“I like playing with notions of masculinity. I like fitting a guy in a ruffle shirt, for instance, because that for me is very masculine. I like, in the studio, redefining those boundaries of what masculinity is, and what it can incorporate.” And the rotating platforms? “That shit is coming back,” she states emphatically. “Don’t know how, but that’s forever a part of my DNA. I just love how it becomes this really voyeuristic poised quiet minute. It’s so simple. There’s nothing the model can do. Nothing happens, but something’s happening.”
The male gaze is perhaps most typically voyeuristic, but there is a more corporeal sexual energy in Rose’s clothes. “Usually, when we’re developing ideas in the studio, we ask, ‘Would you have sex with someone wearing that?’ It makes us sound like a really lecherous group, but that’s what everyone dresses for.” With clubbing being such an important reference for Rose, it’s no wonder that a certain nostalgia for male peacocking from her teenage years informs her work. Are her collections an anthology of her dating history? “Definitely. I haven’t really thought about it in quite that context but 100% yeah. When I think about it. Yes. So now you know! You can go back and look, and be like “Who was that guy!?”” Yet the Martine Rose man is not conventionally sexy, which makes him all the more alluring. “I love awkwardness, but for me that is really sexy. It’s like when you fancy someone, you’re not quite sure why you like them, you shouldn’t really like them, but you find them sexy and that’s it. Conventional people are much less sexy for me. And conventional things are much less sexy for me.” less sexy for me. And conventional things are much less sexy for me.”
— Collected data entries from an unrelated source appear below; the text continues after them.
Lemma segment_area_ge K :
  0 < K -> (forall z, x1 <= z <= x2 -> Derive (Derive f) z <= 2 * K) ->
  0 <= chord f x1 x2 q - f q ->
  4 / (3 * sqrt K) * sqrt (Rabs (chord f x1 x2 q - f q) ^ 3) <= segment_area f x1 x2.
Proof.
  intros HK Hcurv Ht.
  destruct tangent_remainder_endpoints as [E1 E2].
  set (t := chord f x1 x2 q - f q) in *.
  destruct (cap_radius t K) as [Hr2 Hr3]; [lra | lra |].
  rewrite <- Hr3. set (r := sqrt t / sqrt K) in *.
  assert (Hr : 0 <= r) by (apply Rle_mult_inv_pos; [apply sqrt_pos | apply sqrt_lt_R0; lra]).
  pose proof (taylor_remainder_upper q x1 K q_in_segment ltac:(lra) Hcurv).
  pose proof (taylor_remainder_upper q x2 K q_in_segment ltac:(lra) Hcurv).
  assert (Hleft : r <= q - x1).
  { apply Rsqr_incr_0_var; [|lra]. unfold Rsqr.
    enough (r ^ 2 <= (x1 - q) ^ 2) by nra. apply Rmult_le_reg_l with K; lra. }
  assert (Hright : r <= x2 - q).
  { apply Rsqr_incr_0_var; [|lra]. unfold Rsqr.
    enough (r ^ 2 <= (x2 - q) ^ 2) by nra. apply Rmult_le_reg_l with K; lra. }
  rewrite <- (RInt_parabola_cap K r q).
  eapply Rle_trans; [| apply (RInt_le_of_subinterval _ x1 x2 (q - r) (q + r)); try lra].
  - apply RInt_le; [lra | exact (ex_intro _ _ (is_RInt_parabola K r q _ _)) |
      apply ex_RInt_chord_gap; lra |].
    intros x Hx.
    pose proof (taylor_remainder_upper q x K q_in_segment ltac:(lra) Hcurv).
    rewrite chord_gap_eq. fold t.
    eapply Rle_trans; [| apply Rle_abs]. lra.
  - exact ex_RInt_chord_gap.
  - intros; apply Rabs_pos.
Qed.

End Tangent.

End Segment.

Section OpenInterval.

Variables lo hi : Rbar.
Local Notation I := (in_open_interval lo hi).

Lemma in_open_interval_inhabited : Rbar_lt lo hi -> exists x, I x.
Proof.
  unfold in_open_interval.
  destruct lo as [l| |], hi as [h| |]; simpl; intros Hlh; try contradiction.
  - exists ((l + h) / 2); simpl; lra.
  - exists (l + 1); simpl; lra.
  - exists (h - 1); simpl; lra.
  - exists 0; simpl; auto.
Qed.

Lemma in_open_interval_locally x : I x -> locally x I.
Proof.
  apply (open_and (fun u : R => Rbar_lt lo u) (fun u : R => Rbar_lt u hi));
    [apply open_Rbar_gt | apply open_Rbar_lt].
Qed.

Lemma in_open_interval_between a b y : I a -> I b -> a <= y <= b -> I y.
Proof.
  unfold in_open_interval.
  destruct lo as [l| |], hi as [h| |]; simpl; intros; try tauto; lra.
Qed.

Lemma constant_of_derive_zero (g : R -> R) :
  (forall x, I x -> is_derive g x 0) -> forall x y, I x -> I y -> g x = g y.
Proof.
  intros Hg x y Ix Iy.
  destruct (mvt_between g (fun _ => 0) x y) as [c [_ Hc]]; [|lra].
  intros z Hz. apply Hg, (in_open_interval_between (Rmin x y) (Rmax x y)); auto;
    unfold Rmin, Rmax; destruct (Rle_dec x y); auto.
Qed.

Lemma second_derivative_quadratic (f : R -> R) c2 c1 c0 :
  (forall x, I x -> f x = c2 * x ^ 2 + c1 * x + c0) ->
  forall x, I x -> Derive (Derive f) x = 2 * c2.
Proof.
  intros Hf.
  assert (Hf' : forall x, I x -> Derive f x = 2 * c2 * x + c1).
  { intros x Ix.
    rewrite (Derive_ext_loc f (fun x => c2 * x ^ 2 + c1 * x + c0)).
    - apply is_derive_unique. auto_derive; auto. ring.
    - exact (filter_imp _ _ Hf (in_open_interval_locally x Ix)). }
  intros x Ix.
  rewrite (Derive_ext_loc (Derive f) (fun x => 2 * c2 * x + c1)).
  - apply is_derive_unique. auto_derive; auto. ring.
  - exact (filter_imp _ _ Hf' (in_open_interval_locally x Ix)).
Qed.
Martine’s universe always seems rooted in a very particular British male domain of beer mats and football shirts. A culture that perhaps seems at odds with the more sensitive sexual politics of the day. I propose that today genteel middle class sexual politics are being forced upon a working class culture of testosterone-fueled machismo. But Martine is not interested in speculating. “I’m very instinctual. I don’t dwell on it or theorize it too much. Or try and steer it in a direction. It’s just quite honest. You can have all of these concepts and stuff but at the end of the day, is it attractive? Would you like it if your boyfriend walked in wearing that?” It’s clear from how Martine met her boyfriend of fifteen years that she’s more streetwise Amazonian than shrinking violet, something that is confirmed in her gutsy approach. Construction workers get a bad rap for approaching women on the street, but that is precisely how these two linked up. Even today, Martine recalls feeling particularly elated following a recent sidewalk overture. “I was fucking thrilled because I got beeped and hooted and shouted at the other day. And I was thrilled, obviously. Absolutely fucking chuffed.” Her assistant chimes in— “Still got it!” “Yeah! Still got it! I came back into the studio pumped. And I was just like, that is so unusual, you don’t hear that shit anymore, because it became really not cool. Don’t get me wrong, sometimes it was intimidating, but never really threatening, just slightly embarrassing. But I felt a bit nostalgic. Everyone likes a wolf whistle, don’t they?”